Now, as the rainy season approaches the community switches tasks, to preparing the land and buying agricultural input.  The project stipulated that every family who worked on the road would have access to material support for the planting season.  It turns out that this means 100% of the families of the community, 44 in all.  They have decided to use the available money to buy for each family one sack of fertilizer, as it is the most expensive material they need to grow corn and beans for the year.  They have enough money in the project for 43 sacks of fertilizer, so the community decided that each family would chip in 1 dollar to buy the last sack of fertilizer for the remaining family.  Now they are negotiating the purchase, with the help of CRIPDES Sur and CORDES technical staff, and preparing the land, as the rains are beginning.


Sistering Relationships

Omar has been accompanying the sistered communities in the region (Chilama and El Charcón) in their participation in the U.S.-El Salvador Sister Cities Strategic Planning Process.  Each community has held a general assembly to discuss the questions, together with CRIPDES Sur organizers and Sister Cities staff.
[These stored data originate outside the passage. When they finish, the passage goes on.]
(* Let $R$ be a schematic semi-graded ring and $J$ a compatible semi-graded ideal of $R$. If $E$ is an LSG $R$-module that is $T$-closed in $\mathsf{LSG}\text{-}R$, then $f^!(E)$ (the largest SG $R$-submodule of $E$ annihilated by $J$, viewed as an $R/J$-module) is an LSG $R/J$-module that is $T$-closed in $\mathsf{LSG}\text{-}R/J$.
   Context: Rings are associative with $1$; modules are left modules. A ring $R$ is semi-graded (SG) if there are additive subgroups $R_n$ ($n\in\mathbb{Z}$) with $R=\bigoplus_n R_n$, $R_mR_n\subseteq\bigoplus_{k\le m+n}R_k$, and $1\in R_0$; positively SG if $R_n=0$ for $n<0$. An $R$-module $M$ is SG if $M=\bigoplus_nM_n$ with $R_mM_n\subseteq\bigoplus_{k\le m+n}M_k$ for $m\ge0$; homomorphisms are homogeneous if they preserve degrees; SG submodules are submodules $N$ with $N=\bigoplus(N\cap M_n)$. An SG ideal $J$ is a two-sided ideal that is an SG submodule of $R$; $R/J$ is SG with $(R/J)_n=(R_n+J)/J$. $f^!(E)$ is an SG $R/J$-module via $\overline r m=rm$, with $f^!(E)_n=f^!(E)\cap E_n$. Let $R'_n=\{r\in R_n: rh\in R_{n+m}\ \forall m,\forall h\in R_m\}$, $R''_n=\{r\in R'_n: hr\in R_{n+m}\ \forall m,\forall h\in R_m\}$, $R'=\bigcup R'_n$, $R''=\bigcup R''_n$, similarly for $R/J$. $M$ is LSG if $R'_nM_m\subseteq M_{n+m}$; $\mathsf{LSG}\text{-}R$ is the category of LSG modules with homogeneous homomorphisms. $J$ is compatible if the image of $R'$ in $R/J$ is $(R/J)'$. A left Ore set $S$ is good if $S\subseteq R''$ and for $s\in S,r\in R'$ there are $u\in R'$, $v\in S$ with $us=vr$. $R_{\ge t}$ is the intersection of all SG ideals containing $\bigoplus_{k\ge t}R_k$ (likewise $(R/J)_{\ge t}$). $m\in M$ is torsion if $(R_{\ge t})^nm=0$ for some $n,t\ge0$; $M$ is torsion if all its elements are. $R$ is schematic if it is positively SG, left Noetherian, and there is a finite set $I$ of good left Ore sets $S$ with $S\cap\bigoplus_{k\ge1}R_k\ne\emptyset$ such that for each $(x_S)\in\prod_{S\in I}S$ there are $t,m$ with $(R_{\ge t})^m\subseteq\sum_SRx_S$. An object $E$ of $\mathsf{LSG}\text{-}R$ is $T$-closed if for every object $M$, every SG submodule $N$ with $M/N$ torsion, every morphism $N\to E$ extends uniquely to a morphism $M\to E$ (equivalently $E$ is torsion-free and has the extension property); the same definition applies over $R/J$ with $(R/J)_{\ge t}$. *)

From HB Require Import structures.
From mathcomp Require Import all_boot all_order all_algebra.
From Stdlib Require Import ClassicalEpsilon.
Set Implicit Arguments.
Unset Strict Implicit.
Unset Printing Implicit Defensive.
Import Order.TTheory GRing.Theory Num.Theory.
Local Open Scope ring_scope.
Lemma rank_sorted mu s i : strictly_decrb (permute mu s) -> rank mu (s i) = i.
Proof.
move=> /strictly_decrP decr; rewrite /rank -(card_preimset _ (@perm_inj _ s)).
have -> : s @^-1: [set l | mu (s i) < mu l] = [set l : 'I_n | (l < i)%N].
  apply/setP => l; rewrite !inE; case: (ltngtP l i) => [lt_li | lt_il | /val_inj ->].
  - by move: (decr _ _ lt_li); rewrite !ffunE.
  - by move: (decr _ _ lt_il); rewrite !ffunE => /lt_gtF.
  - exact: ltxx.
rewrite cardsE -sum1_card.
by rewrite (big_ord_narrow (ltnW (ltn_ord i))) sum1_card card_ord.
Qed.

Section Sorting.
Variable mu : E.
Hypothesis mu_inj : injective mu.

Lemma sorting_perm_uniq s t :
  strictly_decrb (permute mu s) -> strictly_decrb (permute mu t) -> s = t.
Proof.
move=> s_sorts t_sorts; apply/permP => i; apply: (rank_inj mu_inj).
by rewrite !rank_sorted.
Qed.

Lemma sorting_perm_exists : exists s, strictly_decrb (permute mu s).
Proof.
pose rank_ord i : 'I_n := Ordinal (rank_lt mu i).
have rank_ord_inj : injective rank_ord.
  by move=> i j /(congr1 val) /(rank_inj mu_inj).
exists (perm rank_ord_inj)^-1%g; apply/strictly_decrP => i j lt_ij; rewrite !ffunE.
set a := _ i; set b := _ j.
have rank_a : rank mu a = i by rewrite -[in RHS](permKV (perm rank_ord_inj) i) permE.
have rank_b : rank mu b = j by rewrite -[in RHS](permKV (perm rank_ord_inj) j) permE.
case: (ltgtP (mu a) (mu b)) => // [/rank_decr | /mu_inj eq_ab].
  by rewrite rank_a rank_b ltnNge (ltnW lt_ij).
by move: lt_ij; rewrite -rank_a -rank_b eq_ab ltnn.
Qed.

Lemma count_sorting_perms (R : nzRingType) :
  \sum_(s : 'S_n) (strictly_decrb (permute mu s))%:R = 1 :> R.
Proof.
have [s0 s0_sorts] := sorting_perm_exists.
rewrite (bigD1 s0) //= s0_sorts big1 ?addr0 // => s s_neq.
case: (boolP (strictly_decrb _)) => // s_sorts.
by rewrite (sorting_perm_uniq s_sorts s0_sorts) eqxx in s_neq.
Qed.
Political Advocacy and Mobilization
CRIPDES Sur has been coordinating closely with the Popular Resistance Movement October 12, MPR-12.  In this space, as part of a strong national social movement they participate in the creation of a collective analysis of the current reality of the country from the social, political and economic perspective, as well as the projection of actions and mobilizations.  One of the activities of the social movement has been the organization of a large march on May 1, to celebrate international worker’s day.  CRIPDES Sur was able to mobilize 6 busloads of people to participate in the massive march in San Salvador, along with students groups, the agricultural cooperative sector, health workers, pirated cd-dvd vendors, and others.  According to CRIPDES Sur coordinator Jesus Orantes, close to 100,000 people participated in the march, as when the leaders of the march had arrived in the central square where the march was to end, it still took another 40 minutes for the end of the march to leave the starting point all the way across the city.